Well, Microsoft sure has taken its Scroogled campaign to another level, but will this campaign really boost up the number of Bing users? Microsoft said that unlike Google search results, which are sold and highly biased, search results produced by its search engine, Bing are completely honest. Whatever, the facts be, Microsoft cannot justify its honesty by selling Anti-Google Products. While it would have been completely acceptable if some private persons were making or marketing these products, a company like Microsoft seeling such products, just doesn’t jell!
Honestly, being a Windows and a Bing fan myself, I don’t support these products.

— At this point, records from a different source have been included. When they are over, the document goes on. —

(* Let $M\in GL(2n,\mathbb{R})$ and assume that $M^{T}GM\in\operatorname{Sp}(n)$ for every matrix of the form $$G=\begin{pmatrix} X & 0\\ 0 & X^{-1}\end{pmatrix},$$ where $X$ ranges over all real symmetric positive definite $n\times n$ matrices. Then $M$ is either symplectic or antisymplectic.
   Context: $J=\begin{pmatrix}0&I\\-I&0\end{pmatrix}$ with $I$ the $n\times n$ identity. The symplectic group is $\operatorname{Sp}(n)=\{S\in GL(2n,\mathbb{R}): S^TJS=J\}$. A matrix $M\in GL(2n,\mathbb{R})$ is antisymplectic if $M^TJM=-J$, equivalently $CM\in\operatorname{Sp}(n)$ where $C=\begin{pmatrix}I&0\\0&-I\end{pmatrix}$. *)

From HB Require Import structures.
From mathcomp Require Import all_boot all_order all_algebra.
Set Implicit Arguments. Unset Strict Implicit. Unset Printing Implicit Defensive.
Import Order.TTheory GRing.Theory Num.Theory.
Local Open Scope ring_scope.

Definition Jmx (R : pzRingType) (n : nat) : 'M[R]_(n + n) :=
  block_mx 0 1%:M (- 1%:M) 0.

Definition symplectic (R : pzRingType) (n : nat) (S : 'M[R]_(n + n)) : Prop :=
  S^T *m Jmx R n *m S = Jmx R n.

Definition antisymplectic (R : pzRingType) (n : nat) (M : 'M[R]_(n + n)) : Prop :=
  M^T *m Jmx R n *m M = - Jmx R n.

Definition sym_posdef (R : numDomainType) (n : nat) (X : 'M[R]_n) : Prop :=
  X^T = X /\ forall v : 'rV[R]_n, v != 0 -> 0 < (v *m X *m v^T) 0 0.

From HB Require Import structures.
From mathcomp Require Import all_boot all_order all_algebra.
From mathcomp Require Import ring lra.
Set Implicit Arguments. Unset Strict Implicit. Unset Printing Implicit Defensive.
Import Order.TTheory GRing.Theory Num.Theory.
Local Open Scope ring_scope.

(* Write G_X = diag(X, X^-1) and K = M J M^T.  Since G_X is
   symmetric, the hypothesis reads M^T (G_X K G_X) M = J for every symmetric
   positive definite X; taking X = 1 gives M^T K M = J, and cancelling the
   invertible factors M^T, M yields G_X K G_X = K for every such X.
   Write K = [[A, B], [C, D]].  Invariance under X = 2 forces A = D = 0,
   invariance under X = 1 + u^T u forces B to commute with every u^T u and
   hence to be scalar, and skew-symmetry of K then gives K = b J.
   A matrix with M J M^T = b J also satisfies M^T J M = b J (conformal
   symplecticity is stable under transposition), so J = M^T K M = b^2 J,
   i.e. b = 1 or b = -1: M is symplectic or antisymplectic. *)

Lemma mul_col_row_entry (R : pzSemiRingType) (m : nat)
    (c : 'M[R]_(m, 1)) (r : 'M[R]_(1, m)) i j :
  (c *m r) i j = c i 0 * r 0 j.
Proof. by rewrite mxE big_ord1. Qed.

Section StandardSymplecticForm.
Variable R : pzRingType.
Variable n : nat.

Local Notation J := (Jmx R n).

Lemma Jmx_sqr : J *m J = - 1%:M.
Proof.
rewrite /Jmx mulmx_block (scalar_mx_block n n) opp_block_mx.
by rewrite !mul0mx !mulmx0 !add0r !addr0 mul1mx mulmx1 oppr0.
Qed.

Lemma tr_Jmx : J^T = - J.
Proof.
by rewrite /Jmx tr_block_mx !trmx0 linearN /= trmx1 opp_block_mx !oppr0 opprK.
Qed.

Lemma diag_congr_block (X Y A B C D : 'M[R]_n) :
  block_mx X 0 0 Y *m block_mx A B C D *m block_mx X 0 0 Y =
  block_mx (X *m A *m X) (X *m B *m Y) (Y *m C *m X) (Y *m D *m Y).
Proof. by rewrite !mulmx_block !mul0mx !mulmx0 !addr0 !add0r. Qed.

End StandardSymplecticForm.

Lemma Jmx_neq0 (R : nzRingType) (n : nat) : Jmx R n.+1 != 0.
Proof.
apply/negP => /eqP /matrixP /(_ (lshift n.+1 0) (rshift n.+1 0)).
by rewrite /Jmx block_mxEur !mxE /= mulr1n => /eqP; rewrite oner_eq0.
Qed.

Lemma conformal_symplectic_tr (R : comUnitRingType) (n : nat)
    (M : 'M[R]_(n + n)) (b : R) :
  M \in unitmx -> M *m Jmx R n *m M^T = b *: Jmx R n ->
  M^T *m Jmx R n *m M = b *: Jmx R n.
Proof.
set J := Jmx R n => hM hK.
have JMt : J *m M^T = b *: (invmx M *m J).
  by rewrite -[J *m M^T](mulKmx hM) (mulmxA M J) hK -scalemxAr.
have Mt : M^T = - b *: (J *m invmx M *m J).
  rewrite -[M^T]mul1mx -[1%:M]opprK -(Jmx_sqr R n) mulNmx -mulmxA JMt.
  by rewrite scalemxAr scaleNr !mulmxA scalemxAr.
have -> : M^T *m J *m M = - b *: (J *m invmx M *m (J *m J) *m M).
  by rewrite Mt -!scalemxAl !mulmxA.
by rewrite Jmx_sqr mulmxN mulmx1 mulNmx mulmxKV // scaleNr scalerN opprK.
Qed.

Section PositiveDefinite.
Variable R : realFieldType.

Lemma sqr_norm_gt0 (n : nat) (v : 'rV[R]_n) : v != 0 -> 0 < (v *m v^T) 0 0.
Proof.
have sq_ge0 k : 0 <= v 0 k * v^T k 0 by rewrite mxE -expr2 sqr_ge0.
move=> v_neq0; rewrite mxE lt_def sumr_ge0 ?andbT //.
apply/negP => /eqP sum_eq0; move/negP: v_neq0; apply.
apply/eqP/matrixP => i j; rewrite (ord1 i) mxE.
have := @psumr_eq0P R _ xpredT (fun k => v 0 k * v^T k 0) (fun k _ => sq_ge0 k).
move=> /(_ sum_eq0 j isT); rewrite mxE => vj2_eq0.
by apply/eqP; rewrite -[_ == _]orbb -mulf_eq0 vj2_eq0.
Qed.

(* Positive definite matrices have trivial kernel, hence are invertible. *)
Lemma sym_posdef_unit (n : nat) (X : 'M[R]_n) : sym_posdef X -> X \in unitmx.
Proof.
case=> _ X_pos; rewrite -row_free_unit -kermx_eq0; apply/eqP/row_matrixP => i.
rewrite row0; apply/eqP; apply/negPn/negP => /X_pos.
have -> : row i (kermx X) *m X = 0 by apply/sub_kermxP; exact: row_sub.
by rewrite mul0mx mxE ltxx.
Qed.

Lemma sym_posdef_scalar (n : nat) (c : R) : 0 < c -> sym_posdef (c%:M : 'M_n).
Proof.
move=> c_gt0; split; first by rewrite tr_scalar_mx.
move=> v /sqr_norm_gt0 vv_gt0.
by rewrite mul_mx_scalar -scalemxAl mxE mulr_gt0.
Qed.

Lemma sym_posdef_rank1 (n : nat) (u : 'rV[R]_n) : sym_posdef (1%:M + u^T *m u).
Proof.
split; first by rewrite linearD /= trmx1 trmx_mul trmxK.
move=> v /sqr_norm_gt0 vv_gt0; rewrite mulmxDr mulmx1 mulmxDl mxE.
have : 0 <= (v *m (u^T *m u) *m v^T) 0 0.
  have -> : v *m (u^T *m u) *m v^T = (v *m u^T) *m (v *m u^T)^T.
    by rewrite trmx_mul trmxK !mulmxA.
  by rewrite mul_col_row_entry [_^T 0 0]mxE -expr2 sqr_ge0.
lra.
Qed.

End PositiveDefinite.

Section InvariantMatrices.
Variable R : realFieldType.

(* A matrix commuting with every rank-one matrix u^T u is scalar: the basis
   vectors u = e_i kill the off-diagonal entries, u = e_i + e_j equates the
   diagonal ones. *)
Lemma commute_rank1_scalar (n : nat) (B : 'M[R]_n.+1) :
  (forall u : 'rV_n.+1, u^T *m u *m B = B *m (u^T *m u)) -> B = (B 0 0)%:M.
Proof.
move=> commB.
have commB' (u : 'rV_n.+1) : u^T *m (u *m B) = B *m u^T *m u.
  by rewrite mulmxA commB mulmxA.
have offdiag i j : j != i -> B i j = 0.
  move=> ji; have /matrixP /(_ i j) := commB' (delta_mx 0 i).
  rewrite -rowE trmx_delta -colE !mul_col_row_entry !mxE /=.
  by rewrite !eqxx (negbTE ji) mul1r mulr0.
have diag i j : i != j -> B i i = B j j.
  move=> ij; have /matrixP /(_ i j) := commB' (delta_mx 0 i + delta_mx 0 j).
  rewrite [(_ + _)^T]linearD /= !trmx_delta mulmxDl -!rowE [B *m _]mulmxDr -!colE.
  rewrite !mul_col_row_entry !mxE /= !eqxx (negbTE ij) eq_sym (negbTE ij) /=.
  lra.
apply/matrixP => i j; rewrite mxE; have [<-|ij] := eqVneq i j.
  by rewrite mulr1n; have [->//|i0] := eqVneq i 0; exact: diag.
by rewrite mulr0n offdiag // eq_sym.
Qed.

Lemma scalar_congr_fixed_eq0 (n : nat) (c : R) (A : 'M[R]_n) :
  c * c != 1 -> c%:M *m A *m c%:M = A -> A = 0.
Proof.
rewrite mul_scalar_mx mul_mx_scalar scalerA -subr_eq0 => cc1 fixA.
have /eqP : (c * c - 1) *: A = 0 by rewrite scalerBl fixA scale1r subrr.
by rewrite scaler_eq0 (negbTE cc1) => /eqP.
Qed.

Lemma diag_invariant_skew (n : nat) (K : 'M[R]_(n.+1 + n.+1)) :
  K^T = - K ->
  (forall X, sym_posdef X ->
     block_mx X 0 0 (invmx X) *m K *m block_mx X 0 0 (invmx X) = K) ->
  exists b : R, K = b *: Jmx R n.+1.
Proof.
move=> skewK invK; rewrite -[K]submxK in skewK invK *.
set A := ulsubmx K in skewK invK *; set B := ursubmx K in skewK invK *.
set C := dlsubmx K in skewK invK *; set D := drsubmx K in skewK invK *.
have blocks X : sym_posdef X ->
    [/\ X *m A *m X = A, X *m B *m invmx X = B,
        invmx X *m C *m X = C & invmx X *m D *m invmx X = D].
  by move=> /invK; rewrite diag_congr_block => /eq_block_mx.
have [A_fix _ _ D_fix] := blocks _ (sym_posdef_scalar n.+1 (ltr0Sn R 1)).
have A0 : A = 0 by apply: scalar_congr_fixed_eq0 A_fix; apply/negP => /eqP; lra.
have D0 : D = 0.
  rewrite invmx_scalar in D_fix; apply: scalar_congr_fixed_eq0 D_fix.
  by apply/negP => /eqP; rewrite -invfM => /(congr1 GRing.inv); lra.
have B_scalar : B = (B 0 0)%:M.
  apply: commute_rank1_scalar => u.
  set X := 1%:M + u^T *m u; have X_pd : sym_posdef X := sym_posdef_rank1 u.
  have [_ B_fix _ _] := blocks _ X_pd.
  have : X *m B = B *m X.
    by rewrite -[X *m B](mulmxKV (sym_posdef_unit X_pd)) B_fix.
  by rewrite mulmxDl mul1mx mulmxDr mulmx1 => /addrI.
move: skewK; rewrite tr_block_mx opp_block_mx => /eq_block_mx [_ _ BtC _].
exists (B 0 0); rewrite /Jmx scale_block_mx !scaler0 scalerN scalemx1 A0 D0.
have -> : C = - (B 0 0)%:M.
  by rewrite -[C]opprK -BtC [in LHS]B_scalar tr_scalar_mx.
by rewrite -B_scalar.
Qed.

End InvariantMatrices.

Theorem lemma1 (R : realFieldType) (n : nat) (M : 'M[R]_(n + n))
  (hM : M \in unitmx)
  (hG : forall X : 'M[R]_n, sym_posdef X ->
          symplectic (M^T *m block_mx X 0 0 (invmx X) *m M)) :
  symplectic M \/ antisymplectic M.
Proof.
case: n M hM hG => [|n] M hM hG; first by left; apply/matrixP => -[].
set J := Jmx R n.+1; set K := M *m J *m M^T.
have congr_K X : sym_posdef X ->
    M^T *m (block_mx X 0 0 (invmx X) *m K *m block_mx X 0 0 (invmx X)) *m M = J.
  move=> X_pd; move: (hG X X_pd); rewrite /symplectic !trmx_mul trmxK.
  by rewrite tr_block_mx !trmx0 trmx_inv X_pd.1 /K !mulmxA.
have MtKM : M^T *m K *m M = J.
  have := congr_K _ (sym_posdef_scalar n.+1 (@ltr01 R)).
  by rewrite invmx1 -scalar_mx_block mul1mx mulmx1.
have [b Kb] : exists b : R, K = b *: J.
  apply: diag_invariant_skew => [|X X_pd].
    by rewrite /K !trmx_mul trmxK tr_Jmx mulNmx mulmxN mulmxA.
  have hMt : M^T \in unitmx by rewrite unitmx_tr.
  apply: (can_inj (mulmxK hM)); apply: (can_inj (mulKmx hMt)).
  by rewrite mulmxA congr_K // mulmxA MtKM.
have MtJM : M^T *m J *m M = b *: J by apply: conformal_symplectic_tr.
have /eqP : (b * b - 1) *: J = 0.
  by rewrite scalerBl -scalerA -MtJM scalemxAl scalemxAr -Kb MtKM scale1r subrr.
rewrite scaler_eq0 (negbTE (Jmx_neq0 R n)) orbF.
have -> : b * b - 1 = (b - 1) * (b + 1) by ring.
rewrite mulf_eq0 subr_eq0 addr_eq0 => /orP[] /eqP b_eq.
- by left; rewrite /symplectic -/J MtJM b_eq scale1r.
- by right; rewrite /antisymplectic -/J MtJM b_eq scaleN1r.
Qed.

But, if you do, have a look at the Microsoft Store, where the Scroogled T-shorts cost $12 each, the mugs $8 (which are sold out by the way) and the hats cost $15 each. The gray hoodie saying “Don’t get Scroogled” costs the highest at $26. Its product description reads that the hoodie will keep you warm, while you show the world that you are done being Scroogled and letting Google make money out of your digital life!
So on, so forth, not just scroogled, other terminologies developed by Microsoft in the Google undermining process include humbugged, gulled, duped, hoodwinged, hornswoggled and much more.